**Exercise**
Give back an exact copy of the lines in the records below, from the line that has "Proof. by move=> c u v; rewrite lm_actDr" through the line that has "have := phi_slf.1 1 (zeroB M) (zeroB M).", and nothing besides.

(Stored items)

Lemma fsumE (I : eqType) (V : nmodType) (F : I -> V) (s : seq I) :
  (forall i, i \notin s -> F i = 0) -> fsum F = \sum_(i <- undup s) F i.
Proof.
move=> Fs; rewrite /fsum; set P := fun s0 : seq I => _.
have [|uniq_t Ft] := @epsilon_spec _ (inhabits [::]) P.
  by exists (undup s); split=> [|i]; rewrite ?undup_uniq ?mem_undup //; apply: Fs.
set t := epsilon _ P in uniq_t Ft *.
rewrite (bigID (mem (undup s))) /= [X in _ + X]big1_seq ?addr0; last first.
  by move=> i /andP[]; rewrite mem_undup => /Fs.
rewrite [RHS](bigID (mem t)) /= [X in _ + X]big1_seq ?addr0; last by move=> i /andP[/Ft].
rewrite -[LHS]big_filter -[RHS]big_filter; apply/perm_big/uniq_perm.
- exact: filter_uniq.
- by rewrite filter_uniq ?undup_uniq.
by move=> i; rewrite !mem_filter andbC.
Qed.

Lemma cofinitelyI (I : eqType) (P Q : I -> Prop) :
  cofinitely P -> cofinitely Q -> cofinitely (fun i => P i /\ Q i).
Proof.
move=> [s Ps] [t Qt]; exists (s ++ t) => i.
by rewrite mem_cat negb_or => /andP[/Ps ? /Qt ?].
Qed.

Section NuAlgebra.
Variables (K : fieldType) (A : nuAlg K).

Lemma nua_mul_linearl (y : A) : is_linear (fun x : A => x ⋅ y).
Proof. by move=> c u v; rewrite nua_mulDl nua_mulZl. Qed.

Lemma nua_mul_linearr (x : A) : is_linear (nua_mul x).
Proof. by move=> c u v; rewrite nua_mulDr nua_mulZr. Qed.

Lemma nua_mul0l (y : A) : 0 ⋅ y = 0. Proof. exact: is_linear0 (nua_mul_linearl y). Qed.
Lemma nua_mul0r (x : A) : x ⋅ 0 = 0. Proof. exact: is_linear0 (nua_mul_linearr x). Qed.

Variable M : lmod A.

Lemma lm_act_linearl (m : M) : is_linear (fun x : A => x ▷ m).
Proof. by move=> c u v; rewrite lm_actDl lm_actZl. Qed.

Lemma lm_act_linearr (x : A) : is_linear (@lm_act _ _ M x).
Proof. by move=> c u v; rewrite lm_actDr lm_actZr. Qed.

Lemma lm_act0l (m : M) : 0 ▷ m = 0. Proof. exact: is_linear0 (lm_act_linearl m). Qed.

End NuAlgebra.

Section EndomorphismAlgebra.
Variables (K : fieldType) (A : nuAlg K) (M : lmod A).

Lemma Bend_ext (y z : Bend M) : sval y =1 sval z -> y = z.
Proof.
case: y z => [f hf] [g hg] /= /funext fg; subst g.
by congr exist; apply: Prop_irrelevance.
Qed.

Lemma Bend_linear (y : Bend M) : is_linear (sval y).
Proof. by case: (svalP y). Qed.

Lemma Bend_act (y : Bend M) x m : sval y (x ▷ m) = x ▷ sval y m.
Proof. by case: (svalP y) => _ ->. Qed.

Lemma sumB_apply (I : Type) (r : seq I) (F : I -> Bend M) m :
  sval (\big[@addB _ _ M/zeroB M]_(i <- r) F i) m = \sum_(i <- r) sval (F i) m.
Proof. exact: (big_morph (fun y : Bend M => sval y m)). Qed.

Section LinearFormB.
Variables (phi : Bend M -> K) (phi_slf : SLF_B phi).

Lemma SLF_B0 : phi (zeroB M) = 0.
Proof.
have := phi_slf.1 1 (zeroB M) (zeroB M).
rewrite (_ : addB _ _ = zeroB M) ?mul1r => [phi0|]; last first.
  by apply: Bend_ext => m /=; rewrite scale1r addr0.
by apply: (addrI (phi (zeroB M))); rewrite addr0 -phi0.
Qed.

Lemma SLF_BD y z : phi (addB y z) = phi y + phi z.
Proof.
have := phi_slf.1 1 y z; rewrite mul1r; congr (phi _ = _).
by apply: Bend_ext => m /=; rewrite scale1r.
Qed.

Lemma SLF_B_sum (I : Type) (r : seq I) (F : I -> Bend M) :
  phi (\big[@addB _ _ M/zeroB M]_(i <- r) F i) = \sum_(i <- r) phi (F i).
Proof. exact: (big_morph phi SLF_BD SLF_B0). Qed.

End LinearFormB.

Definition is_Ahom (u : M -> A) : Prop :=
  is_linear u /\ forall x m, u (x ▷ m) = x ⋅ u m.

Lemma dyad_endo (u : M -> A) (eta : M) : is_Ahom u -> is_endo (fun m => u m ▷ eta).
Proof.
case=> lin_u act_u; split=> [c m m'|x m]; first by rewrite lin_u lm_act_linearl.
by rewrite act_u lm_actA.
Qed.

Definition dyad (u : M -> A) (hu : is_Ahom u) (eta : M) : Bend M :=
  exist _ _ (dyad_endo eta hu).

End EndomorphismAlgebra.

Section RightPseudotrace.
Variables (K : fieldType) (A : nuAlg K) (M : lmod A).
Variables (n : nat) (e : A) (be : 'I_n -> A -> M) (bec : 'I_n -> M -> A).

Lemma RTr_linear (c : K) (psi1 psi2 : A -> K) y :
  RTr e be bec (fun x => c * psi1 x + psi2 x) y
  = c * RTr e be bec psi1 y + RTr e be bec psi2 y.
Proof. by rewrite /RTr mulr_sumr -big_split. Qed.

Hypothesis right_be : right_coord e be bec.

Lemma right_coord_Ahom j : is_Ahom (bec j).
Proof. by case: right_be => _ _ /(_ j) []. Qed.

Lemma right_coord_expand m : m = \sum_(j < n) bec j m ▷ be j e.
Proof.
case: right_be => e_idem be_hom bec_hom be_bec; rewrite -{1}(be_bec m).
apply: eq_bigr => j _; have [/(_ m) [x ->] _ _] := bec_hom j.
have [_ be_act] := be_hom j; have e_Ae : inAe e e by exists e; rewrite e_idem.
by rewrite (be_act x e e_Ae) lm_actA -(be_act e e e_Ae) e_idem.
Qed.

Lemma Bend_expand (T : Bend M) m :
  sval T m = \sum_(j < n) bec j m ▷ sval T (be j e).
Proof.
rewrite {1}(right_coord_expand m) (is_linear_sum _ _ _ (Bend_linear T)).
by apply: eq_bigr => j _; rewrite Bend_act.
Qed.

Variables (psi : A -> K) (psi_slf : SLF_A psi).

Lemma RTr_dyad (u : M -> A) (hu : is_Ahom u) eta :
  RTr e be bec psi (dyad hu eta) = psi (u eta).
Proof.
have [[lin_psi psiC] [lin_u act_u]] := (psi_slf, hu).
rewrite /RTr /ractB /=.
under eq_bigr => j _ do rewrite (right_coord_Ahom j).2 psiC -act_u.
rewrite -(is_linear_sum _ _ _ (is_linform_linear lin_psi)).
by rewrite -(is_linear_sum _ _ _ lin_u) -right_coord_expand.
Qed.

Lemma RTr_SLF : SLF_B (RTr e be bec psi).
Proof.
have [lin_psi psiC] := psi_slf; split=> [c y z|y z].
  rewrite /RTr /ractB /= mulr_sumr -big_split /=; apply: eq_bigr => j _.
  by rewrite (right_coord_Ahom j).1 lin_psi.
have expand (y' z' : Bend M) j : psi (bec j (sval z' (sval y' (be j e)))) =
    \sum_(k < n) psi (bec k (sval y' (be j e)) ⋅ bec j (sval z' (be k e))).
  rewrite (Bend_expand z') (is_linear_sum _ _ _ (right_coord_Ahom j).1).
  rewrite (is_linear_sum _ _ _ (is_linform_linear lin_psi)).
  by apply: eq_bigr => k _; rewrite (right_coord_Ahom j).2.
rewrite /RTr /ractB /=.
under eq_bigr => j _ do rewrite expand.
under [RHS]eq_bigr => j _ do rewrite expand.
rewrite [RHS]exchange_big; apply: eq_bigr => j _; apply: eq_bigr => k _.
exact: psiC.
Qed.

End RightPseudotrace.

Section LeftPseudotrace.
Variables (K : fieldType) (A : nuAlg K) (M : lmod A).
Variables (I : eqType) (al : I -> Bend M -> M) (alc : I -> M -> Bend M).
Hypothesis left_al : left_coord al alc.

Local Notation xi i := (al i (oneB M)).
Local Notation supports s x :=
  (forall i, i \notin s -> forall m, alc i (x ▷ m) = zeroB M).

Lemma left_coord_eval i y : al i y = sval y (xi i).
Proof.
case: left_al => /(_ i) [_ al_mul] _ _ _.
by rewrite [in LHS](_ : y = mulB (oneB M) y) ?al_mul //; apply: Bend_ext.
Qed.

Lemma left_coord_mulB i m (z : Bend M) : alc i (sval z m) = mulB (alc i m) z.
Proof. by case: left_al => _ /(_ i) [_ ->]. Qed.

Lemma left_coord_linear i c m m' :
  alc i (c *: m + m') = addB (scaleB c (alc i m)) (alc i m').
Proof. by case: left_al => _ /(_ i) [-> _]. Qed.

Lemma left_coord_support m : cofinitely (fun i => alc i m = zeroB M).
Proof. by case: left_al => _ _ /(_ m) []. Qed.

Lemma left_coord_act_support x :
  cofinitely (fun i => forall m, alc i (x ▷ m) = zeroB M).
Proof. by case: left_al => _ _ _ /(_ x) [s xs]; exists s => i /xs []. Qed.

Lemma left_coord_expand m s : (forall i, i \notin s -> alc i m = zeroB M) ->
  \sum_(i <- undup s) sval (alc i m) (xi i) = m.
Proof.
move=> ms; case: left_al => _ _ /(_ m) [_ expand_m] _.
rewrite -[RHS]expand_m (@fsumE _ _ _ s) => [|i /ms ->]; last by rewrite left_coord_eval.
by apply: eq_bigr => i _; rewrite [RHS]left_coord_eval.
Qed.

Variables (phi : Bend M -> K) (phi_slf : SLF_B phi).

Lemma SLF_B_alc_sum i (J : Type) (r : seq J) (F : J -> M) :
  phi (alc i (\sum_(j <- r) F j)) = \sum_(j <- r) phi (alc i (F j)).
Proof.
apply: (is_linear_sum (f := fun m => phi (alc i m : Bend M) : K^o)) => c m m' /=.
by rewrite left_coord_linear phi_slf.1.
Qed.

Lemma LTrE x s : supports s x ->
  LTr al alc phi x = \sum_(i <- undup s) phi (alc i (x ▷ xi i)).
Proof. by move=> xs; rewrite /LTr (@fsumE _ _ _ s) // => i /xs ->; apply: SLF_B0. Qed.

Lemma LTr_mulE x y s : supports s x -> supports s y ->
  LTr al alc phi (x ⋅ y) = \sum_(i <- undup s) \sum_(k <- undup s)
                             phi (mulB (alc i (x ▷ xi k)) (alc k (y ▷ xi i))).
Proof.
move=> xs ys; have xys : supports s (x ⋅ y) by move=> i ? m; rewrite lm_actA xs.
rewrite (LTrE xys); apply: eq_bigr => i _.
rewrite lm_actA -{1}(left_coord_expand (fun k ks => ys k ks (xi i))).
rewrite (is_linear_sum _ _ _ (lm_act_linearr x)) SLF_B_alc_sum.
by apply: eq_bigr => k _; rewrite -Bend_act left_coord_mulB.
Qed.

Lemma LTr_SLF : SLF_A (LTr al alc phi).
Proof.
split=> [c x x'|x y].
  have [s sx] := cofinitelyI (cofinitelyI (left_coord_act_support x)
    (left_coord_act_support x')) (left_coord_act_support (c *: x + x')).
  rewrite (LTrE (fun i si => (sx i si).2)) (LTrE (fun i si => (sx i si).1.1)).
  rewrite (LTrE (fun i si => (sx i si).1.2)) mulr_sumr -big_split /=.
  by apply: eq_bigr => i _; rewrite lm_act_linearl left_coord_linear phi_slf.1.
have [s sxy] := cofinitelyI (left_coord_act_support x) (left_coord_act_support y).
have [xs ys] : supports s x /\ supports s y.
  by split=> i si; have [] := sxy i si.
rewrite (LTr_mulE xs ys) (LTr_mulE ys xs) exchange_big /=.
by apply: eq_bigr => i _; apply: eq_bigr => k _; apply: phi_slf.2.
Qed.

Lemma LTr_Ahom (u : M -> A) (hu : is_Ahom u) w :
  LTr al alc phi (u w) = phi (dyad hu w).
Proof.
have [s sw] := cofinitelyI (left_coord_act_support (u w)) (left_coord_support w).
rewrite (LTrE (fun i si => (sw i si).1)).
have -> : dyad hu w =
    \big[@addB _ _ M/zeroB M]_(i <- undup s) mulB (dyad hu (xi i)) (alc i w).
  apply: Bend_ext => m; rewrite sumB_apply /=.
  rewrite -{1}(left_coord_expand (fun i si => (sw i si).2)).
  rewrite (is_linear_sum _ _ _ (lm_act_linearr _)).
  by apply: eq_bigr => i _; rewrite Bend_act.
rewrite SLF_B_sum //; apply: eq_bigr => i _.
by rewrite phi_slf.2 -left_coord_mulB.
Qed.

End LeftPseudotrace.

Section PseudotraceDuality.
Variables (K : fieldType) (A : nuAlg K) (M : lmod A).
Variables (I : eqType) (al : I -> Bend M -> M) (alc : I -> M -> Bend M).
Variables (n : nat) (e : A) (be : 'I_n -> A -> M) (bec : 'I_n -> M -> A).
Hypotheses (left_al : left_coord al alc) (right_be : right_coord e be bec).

**Answer to this problem**
Proof. by move=> c u v; rewrite lm_actDr lm_actZr. Qed.

Lemma lm_act0l (m : M) : 0 ▷ m = 0. Proof. exact: is_linear0 (lm_act_linearl m). Qed.

End NuAlgebra.

Section EndomorphismAlgebra.
Variables (K : fieldType) (A : nuAlg K) (M : lmod A).

Lemma Bend_ext (y z : Bend M) : sval y =1 sval z -> y = z.
Proof.
case: y z => [f hf] [g hg] /= /funext fg; subst g.
by congr exist; apply: Prop_irrelevance.
Qed.

Lemma Bend_linear (y : Bend M) : is_linear (sval y).
Proof. by case: (svalP y). Qed.

Lemma Bend_act (y : Bend M) x m : sval y (x ▷ m) = x ▷ sval y m.
Proof. by case: (svalP y) => _ ->. Qed.

Lemma sumB_apply (I : Type) (r : seq I) (F : I -> Bend M) m :
  sval (\big[@addB _ _ M/zeroB M]_(i <- r) F i) m = \sum_(i <- r) sval (F i) m.
Proof. exact: (big_morph (fun y : Bend M => sval y m)). Qed.

Section LinearFormB.
Variables (phi : Bend M -> K) (phi_slf : SLF_B phi).

Lemma SLF_B0 : phi (zeroB M) = 0.
Proof.
have := phi_slf.1 1 (zeroB M) (zeroB M).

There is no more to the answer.